[Data for the task]:
Lemma psd_gram m n (r : R) (H : 'M[C]_(n, m)) K : 0 <= r -> psd K -> psd (gram r H K).
Proof.
move=> r0 [hK pK]; split=> [|x]; rewrite /gram; last rewrite qfZ mulr_ge0 ?realC_ge0 //.
  by apply: hermZ; rewrite ?conjc_real // /herm !ctrM ctrK hK mulmxA.
by have := pK (ctr H *m x); rewrite /qf ctrM ctrK !mulmxA.
Qed.

Lemma pd_1_gram m n (r : R) (H : 'M[C]_(n, m)) : 0 <= r -> pd (1%:M + gram r H 1%:M).
Proof. by move=> r0; apply: pd_add_psd pd1 (psd_gram H r0 psd1). Qed.

Lemma pd_Pmx m n (r : R) (H : 'M[C]_(n, m)) : 0 <= r -> pd (Pmx r H).
Proof.
have -> : Pmx r H = 1%:M + gram r (ctr H) 1%:M by rewrite /gram mulmx1 ctrK.
exact: pd_1_gram.
Qed.

Lemma psd_invPmx m n (r : R) (H : 'M[C]_(n, m)) : 0 <= r -> psd (invmx (Pmx r H)).
Proof. by move=> r0; apply/psd_pd/pd_inv/pd_Pmx. Qed.

(* Push-through identity: from [(I + r H H^+) H = H (I + r H^+ H)]. *)
Lemma subr_gram_invPmx m n (r : R) (H : 'M[C]_(n, m)) : 0 <= r ->
  1%:M - gram r H (invmx (Pmx r H)) = invmx (1%:M + gram r H 1%:M).
Proof.
move=> r0; set P := Pmx r H; set Q := 1%:M + gram r H 1%:M.
have uP : P \in unitmx by apply/pd_unitmx/pd_Pmx.
have uQ : Q \in unitmx by apply/pd_unitmx/pd_1_gram.
have QH : Q *m H = H *m P.
  rewrite /Q /P /Pmx /gram mulmx1 mulmxDl mulmxDr mul1mx mulmx1.
  by rewrite -!scalemxAl -!scalemxAr !mulmxA.
have HP : H *m invmx P = invmx Q *m H.
  by rewrite -[H *m invmx P](mulKmx uQ) (mulmxA Q) QH (mulmxK uP).
have -> : gram r H (invmx P) = invmx Q *m (Q - 1%:M).
  by rewrite /gram HP -mulmxA scalemxAr /Q addrC addrK /gram mulmx1.
by rewrite mulmxBr (mulVmx uQ) mulmx1 opprB addrC subrK.
Qed.

Definition noise_cov n (S : 'M[C]_n) := psd (S - 1%:M) /\ \det S <= 2 ^+ n.

Lemma pd_noise_cov n (S : 'M[C]_n) : noise_cov S -> pd S.
Proof. by case=> pS _; apply: pd_ge pd1 pS. Qed.

Lemma noise_cov_private m n (r : R) (H : 'M[C]_(n, m)) : 0 <= r ->
  noise_cov (1%:M + gram r H (half *: invmx (Pmx r H))).
Proof.
move=> r0; set G := gram r H (invmx (Pmx r H)).
have pG : psd G by apply/psd_gram/psd_invPmx.
have p1G : psd (1%:M - G) by rewrite subr_gram_invPmx //; apply/psd_pd/pd_inv/pd_1_gram.
have phG := psd_half pG.
rewrite gramZ -/G; split; first by rewrite addrC addKr.
suff pU : psd (2%:M - (1%:M + half *: G)).
  by have [_] := det_psd_mono (pd_add_psd pd1 phG) pU; rewrite det_scalar.
have -> : 2%:M - (1%:M + half *: G) = 1%:M - G + half *: G.
  by apply/matrixP=> i j; rewrite !mxE halfE; field.
exact: psdD.
Qed.

Lemma psd_two n (A : 'M[C]_n) : psd A -> psd (2 *: A).
Proof. by apply: psdZ; rewrite ?ler0n // rmorph_nat. Qed.

(* [2 (S + A) - (I + B) = 2 (S - I) + 2 (A - B / 2) + I] dominates zero. *)
Lemma det_add_half_le n (S A B : 'M[C]_n) :
  psd (S - 1%:M) -> psd B -> psd (A - half *: B) ->
  \det (1%:M + B) <= 2 ^+ n * \det (S + A).
Proof.
move=> pS pB pAB; rewrite -detZ.
suff pU : psd (2 *: (S + A) - (1%:M + B)) by have [] := det_psd_mono (pd_add_psd pd1 pB) pU.
have -> : 2 *: (S + A) - (1%:M + B) = 2 *: (S - 1%:M) + 2 *: (A - half *: B) + 1%:M.
  by apply/matrixP=> i j; rewrite !mxE halfE; field.
by apply: psdD psd1; apply: psdD; exact: psd_two.
Qed.

Lemma gt0_realC (z : C) : 0 < z -> z = ((complex.Re z)%:C)%C /\ 0 < complex.Re z.
Proof. by case: z => a b; rewrite ltcE /= => /andP [/eqP -> h]. Qed.

Lemma logdet_gap n (S A B : 'M[C]_n) : noise_cov S -> psd B -> psd (A - half *: B) ->
  logdet (1%:M + B) - n%:R *+ 2 <= logdet (S + A) - logdet S.
Proof.
move=> [pS1 dS] pB pAB; have pS := pd_noise_cov (conj pS1 dS).
have pA : psd A by rewrite -(subrK (half *: B) A); apply: psdD pAB (psd_half pB).
have [e1 g1] := gt0_realC (pd_det_gt0 (pd_add_psd pS pA)).
have [e2 g2] := gt0_realC (pd_det_gt0 pS).
have [e3 g3] := gt0_realC (pd_det_gt0 (pd_add_psd pd1 pB)).
have le := det_add_half_le pS1 pB pAB.
rewrite /logdet; apply: log2_gap => //.
  by move: le; rewrite e1 e3 -(rmorph_nat (@real_complex R)) -rmorphXn -rmorphM lecR.
by move: dS; rewrite e2 -(rmorph_nat (@real_complex R)) -rmorphXn lecR.
Qed.

Lemma logdet_gap_half n (S B E : 'M[C]_n) : noise_cov S -> psd B -> psd E ->
  logdet (1%:M + B) - n%:R *+ 2 <= logdet (S + (half *: B + E)) - logdet S.
Proof. by move=> hS pB pE; apply: logdet_gap => //; rewrite addrC addKr. Qed.

(* At the receiver with direct channel [Hd] and cross channel [Hc], each
   Han-Kobayashi mutual information is within [2 n] bits of its term in [Rc]. *)
Lemma receiver_gaps m m' n (rd rc : R) (Hd : 'M[C]_(n, m)) (Hc : 'M[C]_(n, m')) Q :
  0 <= rd -> 0 <= rc -> psd Q ->
  let S := 1%:M + gram rc Hc (half *: invmx (Pmx rc Hc)) in
  [/\ logdet (1%:M + gram rd Hd 1%:M) - n%:R *+ 2
        <= logdet (S + gram rd Hd (half *: 1%:M + half *: Q)) - logdet S,
      logdet (1%:M + gram rc Hc 1%:M + gram rd Hd 1%:M) - n%:R *+ 2
        <= logdet (S + gram rd Hd (half *: 1%:M + half *: Q) + gram rc Hc (half *: 1%:M))
           - logdet S,
      logdet (1%:M + gram rd Hd Q) - n%:R *+ 2
        <= logdet (S + gram rd Hd (half *: Q)) - logdet S,
      logdet (1%:M + gram rd Hd Q + gram rc Hc 1%:M) - n%:R *+ 2
        <= logdet (S + gram rd Hd (half *: Q) + gram rc Hc (half *: 1%:M)) - logdet S
    & logdet (1%:M + gram rc Hc 1%:M + gram rd Hd Q) - n%:R *+ 2
        <= logdet (S + gram rd Hd (half *: Q) + gram rc Hc (half *: 1%:M)) - logdet S].
Proof.
move=> rd0 rc0 pQ S; have hS : noise_cov S := noise_cov_private Hc rc0.
have := psd_gram Hd rd0 psd1; have := psd_gram Hd rd0 pQ; have := psd_gram Hc rc0 psd1.
rewrite !gramD !gramZ; clearbody S.
move: (gram rd Hd 1%:M) (gram rd Hd Q) (gram rc Hc 1%:M) => G1 GQ GC pGC pGQ pG1.
have gap0 B : psd B -> logdet (1%:M + B) - n%:R *+ 2 <= logdet (S + half *: B) - logdet S.
  by move=> pB; have := logdet_gap_half hS pB psd0; rewrite addr0.
split.
- exact: logdet_gap_half hS pG1 (psd_half pGQ).
- rewrite -!addrA [GC + G1]addrC [_ *: GQ + _]addrC [_ *: G1 + _]addrA -scalerDr.
  exact: logdet_gap_half hS (psdD pG1 pGC) (psd_half pGQ).
- exact: gap0.
- by rewrite -!addrA -scalerDr; apply/gap0/psdD.
- by rewrite -!addrA -scalerDr [GC + GQ]addrC; apply/gap0/psdD.
Qed.
End GaussianRates.

Unset Implicit Arguments.

Theorem lemma2 (R : realType) (M1 M2 N1 N2 : nat)
  (H11 : 'M[R[i]]_(N1, M1)) (H12 : 'M[R[i]]_(N2, M1))
  (H21 : 'M[R[i]]_(N1, M2)) (H22 : 'M[R[i]]_(N2, M2))
  (r11 r12 r21 r22 : R) :
  0 <= r11 -> 0 <= r12 -> 0 <= r21 -> 0 <= r22 ->
  let K11 : 'M[R[i]]_M1 := ((1/2 : R)%:C)%C *: 1%:M in
  let K21 : 'M[R[i]]_M2 := ((1/2 : R)%:C)%C *: 1%:M in
  let K12 : 'M[R[i]]_M1 := ((1/2 : R)%:C)%C *: invmx (Pmx r12 H12) in
  let K22 : 'M[R[i]]_M2 := ((1/2 : R)%:C)%C *: invmx (Pmx r21 H21) in
  forall R1 R2 : R, 0 <= R1 -> 0 <= R2 ->
  shift_region (Rc H11 H12 H21 H22 r11 r12 r21 r22) (N1%:R *+ 2) (N2%:R *+ 2) (R1, R2) ->
  HK_region H11 H12 H21 H22 r11 r12 r21 r22 K11 K12 K21 K22 (R1, R2).
Proof.
move=> p11 p12 p21 p22 K11 K21 K12 K22 R1 R2 R1_ge0 R2_ge0 [[Q1 Q2] [inRc [eR1 eR2]]].
subst R1 R2.
case: inRc => /= _ [_ [c1 [c2 [c3 [c4 [c5 [c6 c7]]]]]]].
have [a1 b1 cc1 d1 d1'] := receiver_gaps H11 H21 p11 p21 (psd_invPmx H12 p12).
have [a2 b2 cc2 _ d2'] := receiver_gaps H22 H12 p22 p12 (psd_invPmx H21 p21).
rewrite /HK_region /= /K11 /K12 /K21 /K22.
split; first exact: R1_ge0.
split; first exact: R2_ge0.
split; first exact: ler_shift c1 a1.
split; first exact: ler_shift c2 a2.
split; first exact: ler_shift2 c4 b1 cc2.
split; first exact: ler_shift2_swap c3 b2 cc1.
split; first exact: ler_shift2 c5 d1 d2'.
split; first exact: ler_shift3l c6 b1 d2' cc1.
exact: ler_shift3r c7 b2 d1' cc2.
Qed.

[To do]:
Whatever else the listing above holds, retype exactly only the lines from the one containing "have uQ : Q" to the one containing "by rewrite /gram HP", both ends kept.

[Written response]:
have uQ : Q \in unitmx by apply/pd_unitmx/pd_1_gram.
have QH : Q *m H = H *m P.
  rewrite /Q /P /Pmx /gram mulmx1 mulmxDl mulmxDr mul1mx mulmx1.
  by rewrite -!scalemxAl -!scalemxAr !mulmxA.
have HP : H *m invmx P = invmx Q *m H.
  by rewrite -[H *m invmx P](mulKmx uQ) (mulmxA Q) QH (mulmxK uP).
have -> : gram r H (invmx P) = invmx Q *m (Q - 1%:M).
  by rewrite /gram HP -mulmxA scalemxAr /Q addrC addrK /gram mulmx1.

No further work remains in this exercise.